The recent combination of rain and high temperatures have seen an explosion in growth in the fruit and nut trees and with an uncharacteristic break in the weather last weekend I finally managed to get out with the whipper snipper and slash back the 6 foot high grasses and weeds that have established themselves throughout the summer.

When I first planted the garden I tried hard to suppress the weed growth but my position was changed by some of the local Waru permaculture gurus who convinced me that the grow and slash method would build up my soil at a far greater rate. This really seems to have been the case especially since a lot of the weeds that are mixed in are legumes and are adding nitrogen back into the soil.
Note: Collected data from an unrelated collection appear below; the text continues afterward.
Lemma nonincreasing_on_interval a b : I a -> I b -> a <= b -> E b <= E a.
Proof.
  intros Ia Ib Hab; apply Rnot_lt_le; intros Hlt.
  destruct (Req_dec a b) as [<-|Hne]; [lra|].
  pose proof (increment_le_slope a b ((E b - E a) / (2 * (b - a))) Ia Ib Hab
    ltac:(apply Rdiv_lt_0_compat; lra)) as Hinc.
  replace ((E b - E a) / (2 * (b - a)) * (b - a)) with ((E b - E a) / 2) in Hinc
    by (field; lra).
  lra.
Qed.

End Nonincreasing_on_interval.

Definition energy_flux (c ph : Z -> R) (j : Z) : R := c j * c_half c ph j - / 2 * c j ^ 2.

Lemma energy_flux_balance c ph j :
  c j * (c_half c ph j - c_half c ph (j - 1)%Z) =
  energy_flux c ph j - energy_flux c ph (j - 1)%Z
  + / 2 * (c j - c (j - 1)%Z) ^ 2 * (1 - ph (j - 1)%Z).
Proof. unfold energy_flux, c_half; replace (j - 1 + 1)%Z with j by lia; field. Qed.

Lemma energy_flux_abs_le c ph j : 0 <= ph j <= 1 ->
  Rabs (energy_flux c ph j) <= Rabs (2 * c j ^ 2) + Rabs (c (j + 1)%Z ^ 2).
Proof.
  intros Hph; unfold energy_flux, c_half.
  rewrite (Rabs_pos_eq (2 * _)), (Rabs_pos_eq (_ ^ 2)) by nra.
  assert (0 <= ph j * (c j - c (j + 1)%Z) ^ 2) by (apply Rmult_le_pos; [lra|apply pow2_ge_0]).
  assert (0 <= ph j * (c j + c (j + 1)%Z) ^ 2) by (apply Rmult_le_pos; [lra|apply pow2_ge_0]).
  apply Rabs_le; split; nra.
Qed.

Lemma energy_flux_vanishes c ph E : (forall j, 0 <= ph j <= 1) ->
  sum_Z (fun j => c j ^ 2) E -> vanishes_at_infinity (energy_flux c ph).
Proof.
  intros Hph HE.
  apply (vanishes_dominated (fun j => 2 * c j ^ 2) (fun j => c (j + 1)%Z ^ 2)).
  - exact (sum_Z_vanishes _ _ (sum_Z_scal 2 _ _ HE)).
  - exact (vanishes_shift (fun j => c j ^ 2) (sum_Z_vanishes _ _ HE)).
  - intros j; apply energy_flux_abs_le, Hph.
Qed.

Lemma limiter_values_bounds phi c ph : (forall r, 0 <= phi r <= 1) ->
  limiter_values phi c ph -> forall j, 0 <= ph j <= 1.
Proof.
  intros Hphi Hlim j; destruct (Hlim j) as [Hjump Hflat].
  destruct (Req_dec (c (j + 1)%Z) (c j)) as [Heq|Hne]; [now apply Hflat|].
  rewrite Hjump by exact Hne; apply Hphi.
Qed.

Lemma dissipation_sum u dx (c dc ph : Z -> R) E Scd :
  0 < u -> 0 < dx -> (forall j, 0 <= ph j <= 1) ->
  sum_Z (fun j => c j ^ 2) E -> sum_Z (fun j => c j * dc j) Scd ->
  (forall j, dc j + u * (c_half c ph j - c_half c ph (j - 1)%Z) / dx = 0) ->
  sum_Z (fun j => (c j - c (j - 1)%Z) ^ 2 * (1 - ph (j - 1)%Z)) (- (2 * dx / u) * Scd).
Proof.
  intros Hu Hdx Hph HE HScd Hscheme.
  replace (- (2 * dx / u) * Scd) with (- (2 * dx / u) * Scd + -2 * 0) by ring.
  apply (sum_Z_ext (fun j => - (2 * dx / u) * (c j * dc j)
    + -2 * (energy_flux c ph j - energy_flux c ph (j - 1)%Z))).
  - intros j; set (X := c_half c ph j - c_half c ph (j - 1)%Z).
    assert (Hdc : dc j = - (u * X / dx)) by (specialize (Hscheme j); fold X in Hscheme; lra).
    rewrite Hdc; replace (- (2 * dx / u) * (c j * - (u * X / dx))) with (2 * (c j * X))
      by (field; lra).
    unfold X; rewrite energy_flux_balance; field.
  - apply sum_Z_plus, sum_Z_scal; [apply sum_Z_scal, HScd|].
    exact (sum_Z_telescoping _ (energy_flux_vanishes c ph E Hph HE)).
Qed.

Section Limited_scheme.

Variables (u dx : R) (phi : R -> R) (I : R -> Prop) (c dc : R -> Z -> R) (ph : R -> Z -> R).
Hypotheses (Hu : 0 < u) (Hdx : 0 < dx) (Hphi : forall r, 0 <= phi r <= 1).
Hypothesis Hc : C1_l2_on I c dc.
Hypothesis Hlim : forall t, I t -> limiter_values phi (c t) (ph t).
Hypothesis Hode : forall t, I t -> forall j : Z,
  dc t j + u * (c_half (c t) (ph t) j - c_half (c t) (ph t) (j - 1)%Z) / dx = 0.

Lemma energy_dissipation_rate t : I t ->
  exists D : R,
    sum_Z (fun j => (c t j - c t (j - 1)%Z) ^ 2 * (1 - ph t (j - 1)%Z)) D /\
    (forall eps, 0 < eps -> exists delta, 0 < delta /\
       forall s, I s -> s <> t -> Rabs (s - t) < delta ->
       forall Es Et,
         sum_Z (fun j => (c s j) ^ 2) Es -> sum_Z (fun j => (c t j) ^ 2) Et ->
         Rabs (dx / 2 * ((Es - Et) / (s - t)) - (- (u / 2) * D)) < eps) /\
    - (u / 2) * D <= 0.
Proof.
  intros It; destruct Hc as [Hl2 [Hfrechet _]].
  destruct (Hl2 t It) as [[Et HEt] [Sd HSd]].
  destruct (sum_Z_mult_exists _ _ _ _ HEt HSd) as [Scd HScd].
  pose proof (limiter_values_bounds _ _ _ Hphi (Hlim t It)) as Hph.
  pose proof (dissipation_sum _ _ _ _ _ _ _ Hu Hdx Hph HEt HScd (Hode t It)) as HD.
  exists (- (2 * dx / u) * Scd); split; [exact HD|split].
  - intros eps Heps.
    destruct (sum_Z_sq_derivative I c dc t Et Sd Scd HEt HSd HScd (Hfrechet t It)
      (2 * eps / dx) ltac:(apply Rdiv_lt_0_compat; lra)) as [delta [Hdelta Hq]].
    exists delta; split; [exact Hdelta|].
    intros s Is Hst Hs Es Et' HEs HEt'; rewrite (sum_Z_unique _ _ _ HEt' HEt).
    replace (dx / 2 * ((Es - Et) / (s - t)) - - (u / 2) * (- (2 * dx / u) * Scd))
      with (dx / 2 * ((Es - Et) / (s - t) - 2 * Scd)) by (field; lra).
    rewrite Rabs_mult, Rabs_pos_eq by lra.
    replace eps with (dx / 2 * (2 * eps / dx)) by (field; lra).
    apply Rmult_lt_compat_l; [lra|exact (Hq s Is Hst Hs Es HEs)].
  - assert (Hterm : forall j, 0 <= (c t j - c t (j - 1)%Z) ^ 2 * (1 - ph t (j - 1)%Z))
      by (intros j; apply Rmult_le_pos; [apply pow2_ge_0|specialize (Hph (j - 1)%Z); lra]).
    pose proof (sum_Z_nonneg _ _ Hterm HD); nra.
Qed.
The lemon grass and other varieties grow out of control during the hot weather so that when I slash it all in preparation for the cooler months I end up with a thick layer of mulch on the ground to start the growing season with.

I took a load of garbage to the dump the other week and did my usual check out of the recycling area to see if there was anything that would be useful in the garden. To my joy I nabbed two brand new fibreglass bathtubs for $10 each. they still had their delivery plastic on them and when I took them home and removed the plastic I found them to be flawless. This is the forth time that I have found brand new bathtubs at the dump and I really wish I knew which business keeps throwing them out. If they let me know I would even come and pick them up and pay them for the privilege. It must be something to do with them being last seasons models or something but seriously do people really replace their bathtubs seasonally? Who would care if a bathtub doesn’t have the latest aerodynamic fins just stick a lower price on it! Anyway it works out well for the aquaponic beds and I have enough now to seek out Lynn's advice about using bathtubs to make some wicking beds this year.

The aquaponics has been a rollercoaster ride the last few months with one of my industrial air pumps seizing up after two years of flawless performance. I needed to send the pump in for servicing and was running the large tank just on the emergency backup aeration system.  After a couple of days I was noticing that because I wasn’t mixing the air flow right through from the bottom of the tank like the big pump does, it was causing all of the fish to gather in the top half of the tank. I gave it some thought and finally decided that it was time for a large scale harvest and freezing session especially since a lot of the fish were starting to hit the 2 kg mark.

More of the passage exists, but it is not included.